An except from my comic on depression. Click the image to go read it.

5. Consider putting preemptive systems into place with your close homies. Don’t wait for your peeps who struggle with emotional wellness to do this, either. Start now. One big thing that’s changed a lot of circumstances for me is a texting system my heterosexual life partner, Cyn, and I started doing a couple years ago. We both happily live on our own, and at various times in our life, we’re either single or non-traditionally partnered. Both of us fear having a New York death (where something happens to you and no one finds you for days and your pets have eaten your face), and Cyn was having particularly acute anxiety after losing a friend to sudden death in the night. We agreed that we’d text each other every single morning, and that there were agreed-upon sets of actions we’d take if we didn’t hear from one another. We’ve done it every day since, and having that structure has shifted a lot for me. Both the task itself and knowing that someone who loves me and gets me without judgement will both notice and take action if I’m not OK gives me a welcome toehold on reality.

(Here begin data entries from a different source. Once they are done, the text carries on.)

(* Let $\Sigma$ be a simplicial complex which is oriented with respect to a partial order $\le$ on its vertex set $\Sigma^0$, let $Y$ be a topological space, and let $\Phi,\Psi:\Sigma^0\rightrightarrows Y$ be mappings (to nonempty subsets of $Y$) such that for every $v\in\Sigma^0$, $\Phi(v)\subset\Psi(v)$ and $\Phi(v)$ is contractible in $\Psi(v)$, and such that $\Psi(v)\subset\Phi(u)$ whenever $u,v\in\Sigma^0$ with $u<v$. Then there exists a continuous map $h:|\Sigma|\to Y$ such that $h(|\sigma|)\subset\Psi(\min\sigma)$ for every $\sigma\in\Sigma$.
   Context: A simplicial complex is a collection $\Sigma$ of nonempty finite subsets of a set such that $\tau\in\Sigma$ whenever $\emptyset\ne\tau\subset\sigma\in\Sigma$; its vertex set $\Sigma^0$ is $\bigcup\Sigma$. Its geometric realisation $|\Sigma|$ is obtained by embedding $\Sigma^0$ as a linearly independent subset of a linear space, letting $|\sigma|$ be the convex hull of $\sigma$ and $|\Sigma|=\bigcup_{\sigma\in\Sigma}|\sigma|$, with the Whitehead topology: $U\subset|\Sigma|$ is open iff $U\cap|\sigma|$ is open in $|\sigma|$ for every $\sigma\in\Sigma$. $\Sigma$ is oriented with respect to a partial order $\le$ on $\Sigma^0$ if each simplex is linearly ordered by $\le$; then $\min\sigma$ denotes the least vertex of $\sigma$. A subset $S\subset T$ is contractible in $T$ if there is a homotopy $H:S\times[0,1]\to T$ with $H(y,0)=y$ and $H(y,1)=p$ for all $y\in S$, for some point $p\in T$. *)

From Stdlib Require Import Reals List.
Open Scope R_scope.

Record Topology (X : Type) := {
  open : (X -> Prop) -> Prop;
  open_ext : forall U U', (forall x, U x <-> U' x) -> open U -> open U';
  open_full : open (fun _ => True);
  open_inter : forall U W, open U -> open W -> open (fun x => U x /\ W x);
  open_union : forall F : (X -> Prop) -> Prop,
      (forall U, F U -> open U) -> open (fun x => exists U, F U /\ U x)
}.
Arguments open {X} t U.

Definition finite_set {V : Type} (s : V -> Prop) : Prop :=
  exists l : list V, NoDup l /\ forall v, s v <-> In v l.

Definition simplicial_complex {V : Type} (Sig : (V -> Prop) -> Prop) : Prop :=
  (forall s, Sig s -> finite_set s /\ exists v, s v) /\
  (forall s t, Sig s -> (exists v, t v) -> (forall v, t v -> s v) -> Sig t).

Definition vertex {V : Type} (Sig : (V -> Prop) -> Prop) (v : V) : Prop :=
  exists s, Sig s /\ s v.

Definition oriented {V : Type} (Sig : (V -> Prop) -> Prop) (le : V -> V -> Prop) : Prop :=
  (forall v, vertex Sig v -> le v v) /\
  (forall u v, vertex Sig u -> vertex Sig v -> le u v -> le v u -> u = v) /\
  (forall u v w, vertex Sig u -> vertex Sig v -> vertex Sig w ->
                 le u v -> le v w -> le u w) /\
  (forall s, Sig s -> forall u v, s u -> s v -> le u v \/ le v u).

Definition is_min {V : Type} (le : V -> V -> Prop) (s : V -> Prop) (m : V) : Prop :=
  s m /\ forall v, s v -> le m v.

(** Geometric realisation: V is embedded as the standard basis of the space of
    finitely supported functions V -> R; |s| is the convex hull of s, i.e. the
    barycentric coordinate functions supported in s, nonnegative, summing to 1. *)
Definition in_simplex {V : Type} (s : V -> Prop) (a : V -> R) : Prop :=
  (forall v, 0 <= a v) /\ (forall v, ~ s v -> a v = 0) /\
  exists l : list V, NoDup l /\ (forall v, s v <-> In v l) /\
                     fold_right Rplus 0 (map a l) = 1.

Definition is_point {V : Type} (Sig : (V -> Prop) -> Prop) (a : V -> R) : Prop :=
  exists s, Sig s /\ in_simplex s a.

Definition realisation {V : Type} (Sig : (V -> Prop) -> Prop) : Type :=
  { a : V -> R | is_point Sig a }.

(** Whitehead topology: P is open iff P ∩ |s| is open in |s| (Euclidean
    topology of the finite-dimensional simplex, via the sup norm on the
    coordinates in s) for every simplex s. *)
Definition whitehead_open {V : Type} (Sig : (V -> Prop) -> Prop)
  (P : realisation Sig -> Prop) : Prop :=
  forall s, Sig s -> forall a : realisation Sig, in_simplex s (proj1_sig a) -> P a ->
    exists eps, 0 < eps /\
      forall b : realisation Sig, in_simplex s (proj1_sig b) ->
        (forall v, s v -> Rabs (proj1_sig b v - proj1_sig a v) < eps) -> P b.

Definition continuous_real {V Y : Type} (Sig : (V -> Prop) -> Prop) (TY : Topology Y)
  (h : realisation Sig -> Y) : Prop :=
  forall U, open TY U -> whitehead_open Sig (fun a => U (h a)).

(** S is contractible in T (both subsets of Y): a homotopy H : S x [0,1] -> T,
    continuous for the product of the subspace topology on S and the usual
    topology on [0,1] (T carrying the subspace topology of Y), with
    H(y,0) = y and H(y,1) = p for a fixed p in T. *)
Definition contractible_in {Y : Type} (TY : Topology Y) (S T : Y -> Prop) : Prop :=
  exists (H : Y -> R -> Y) (p : Y),
    T p /\
    (forall y t, S y -> 0 <= t <= 1 -> T (H y t)) /\
    (forall y, S y -> H y 0 = y) /\
    (forall y, S y -> H y 1 = p) /\
    (forall U, open TY U ->
       forall y t, S y -> 0 <= t <= 1 -> U (H y t) ->
         exists W eps, open TY W /\ W y /\ 0 < eps /\
           forall y' t', S y' -> W y' -> 0 <= t' <= 1 -> Rabs (t' - t) < eps ->
             U (H y' t')).

(* A point a of |Sigma| is sent, by recursion on the number of its nonzero
   barycentric coordinates, to
     h(a) = p_v                            if a_v >= 1/2,
     h(a) = H_v (h(a'), 2 a_v)             otherwise,
   where v is the least vertex of the support of a, H_v is a contraction of
   Phi(v) in Psi(v) to the point p_v, and a' is the radial projection of a
   from v onto the opposite face.  By induction, h(a') lies in Psi of the
   least vertex of the support of a', which is > v, hence in Phi(v), so H_v
   may be applied; the result lies in Psi(v).  Since H_v(y, 0) = y, the same
   formula holds with v the least vertex of any simplex carrying a, which
   gives continuity on each closed simplex by induction on its dimension. *)

From Stdlib Require Import Reals List Lra Lia Classical ClassicalEpsilon
  FunctionalExtensionality Permutation.
Open Scope R_scope.

Lemma choice_on {A B : Type} (P : A -> Prop) (Q : A -> B -> Prop) :
  inhabited B -> (forall x, P x -> exists y, Q x y) ->
  exists f : A -> B, forall x, P x -> Q x (f x).
Proof.
  intros HB HQ. exists (fun x => epsilon HB (Q x)).
  intros x Hx. apply epsilon_spec; auto.
Qed.

Lemma exists_min_in_list {A : Type} (R : A -> A -> Prop) (P : A -> Prop) (l : list A) :
  (forall x y z, In x l -> In y l -> In z l -> R x y -> R y z -> R x z) ->
  (forall x y, In x l -> In y l -> R x y \/ R y x) ->
  (exists x, In x l /\ P x) -> exists m, is_min R (fun x => In x l /\ P x) m.
Proof.
  induction l as [|h t IH]; intros Htrans Htot [x [Hx Px]]; [destruct Hx|].
  assert (Hrefl : forall z, In z (h :: t) -> R z z)
    by (intros z Hz; destruct (Htot z z Hz Hz); auto).
  destruct (classic (exists z, In z t /\ P z)) as [Ht|Ht].
  - destruct IH as [m [[Hm Pm] Hmin]];
      [intros ? ? ? ? ? ?; apply Htrans; simpl; auto
      |intros ? ? ? ?; apply Htot; simpl; auto|exact Ht|].
    destruct (classic (P h /\ R h m)) as [[Ph Rhm]|Hhm].
    + exists h; split; [simpl; auto|]. intros z [[Hz|Hz] Pz]; [subst z; apply Hrefl; simpl; auto|].
      apply Htrans with m; simpl; auto.
    + exists m; split; [simpl; auto|]. intros z [[Hz|Hz] Pz]; [subst z|auto].
      destruct (Htot h m) as [Rhm|]; simpl; auto. tauto.
  - assert (Ph : P h) by (destruct Hx as [<-|Hx]; [auto|exfalso; eauto]).
    exists h; split; [simpl; auto|]. intros z [[Hz|Hz] Pz]; [subst z; apply Hrefl; simpl; auto|].
    exfalso; eauto.
Qed.

Definition sumR {A : Type} (l : list A) (f : A -> R) : R := fold_right Rplus 0 (map f l).

Lemma sumR_cons {A : Type} (x : A) l f : sumR (x :: l) f = f x + sumR l f.
Proof. reflexivity. Qed.

Lemma sumR_perm {A : Type} (l l' : list A) f : Permutation l l' -> sumR l f = sumR l' f.
Proof. unfold sumR; induction 1; simpl; lra. Qed.

Lemma sumR_ext {A : Type} (l : list A) f g :
  (forall x, In x l -> f x = g x) -> sumR l f = sumR l g.
Proof. intros Hfg; unfold sumR; f_equal; apply map_ext_in; auto. Qed.

Lemma sumR_div {A : Type} (l : list A) f c : sumR l (fun x => f x / c) = sumR l f / c.
Proof. induction l as [|x l IH]; rewrite ?sumR_cons, ?IH; unfold sumR; simpl; lra. Qed.

Lemma sumR_nonneg {A : Type} (l : list A) f : (forall x, 0 <= f x) -> 0 <= sumR l f.
Proof.
  intros Hf; induction l as [|x l IH]; rewrite ?sumR_cons; [unfold sumR; simpl; lra|].
  specialize (Hf x); lra.
Qed.

Lemma sumR_pos_term {A : Type} (l : list A) f :
  (forall x, 0 <= f x) -> 0 < sumR l f -> exists x, In x l /\ 0 < f x.
Proof.
  intros Hf; induction l as [|x l IH]; intros Hs; [unfold sumR in Hs; simpl in Hs; lra|].
  rewrite sumR_cons in Hs. destruct (Rlt_dec 0 (f x)) as [Hx|Hx]; [exists x; simpl; auto|].
  destruct IH as [y [Hy Hfy]]; [specialize (Hf x); lra|]. exists y; simpl; auto.
Qed.

Lemma sumR_term_le {A : Type} (l : list A) f x :
  (forall y, 0 <= f y) -> In x l -> f x <= sumR l f.
Proof.
  intros Hf; induction l as [|y l IH]; intros Hx; [destruct Hx|rewrite sumR_cons].
  destruct Hx as [<-|Hx].
  - pose proof (sumR_nonneg l f Hf); lra.
  - specialize (Hf y); specialize (IH Hx); lra.
Qed.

And the system’s original intention works, by the way — there was one time my technology was messing up, and I hadn’t heard from Cyn by our agreed-upon time. I started texting and calling her friends at work by noon or so, and was ready to call her neighbors to check on her. I finally got one of her messages that was like, “Um, settle down, I’m in a meeting…” We laughed ourselves silly. It feels good to know people are going to show up. Overreacting with burden-free, guilt-free, shame-free love can be OK.

6. Lastly, for my fellow swimmers of the dark waters: Oh man, I’m with you. I’m so with you. This world is just… I don’t even know what to say about it right now. If it’s helpful, my friends and I built a free little tool to help folks reach out and share difficult stuff; it’s called The Weather Report. What I like most about it is that it has a place for you to say what you do and don’t need right now. Yesssssssss.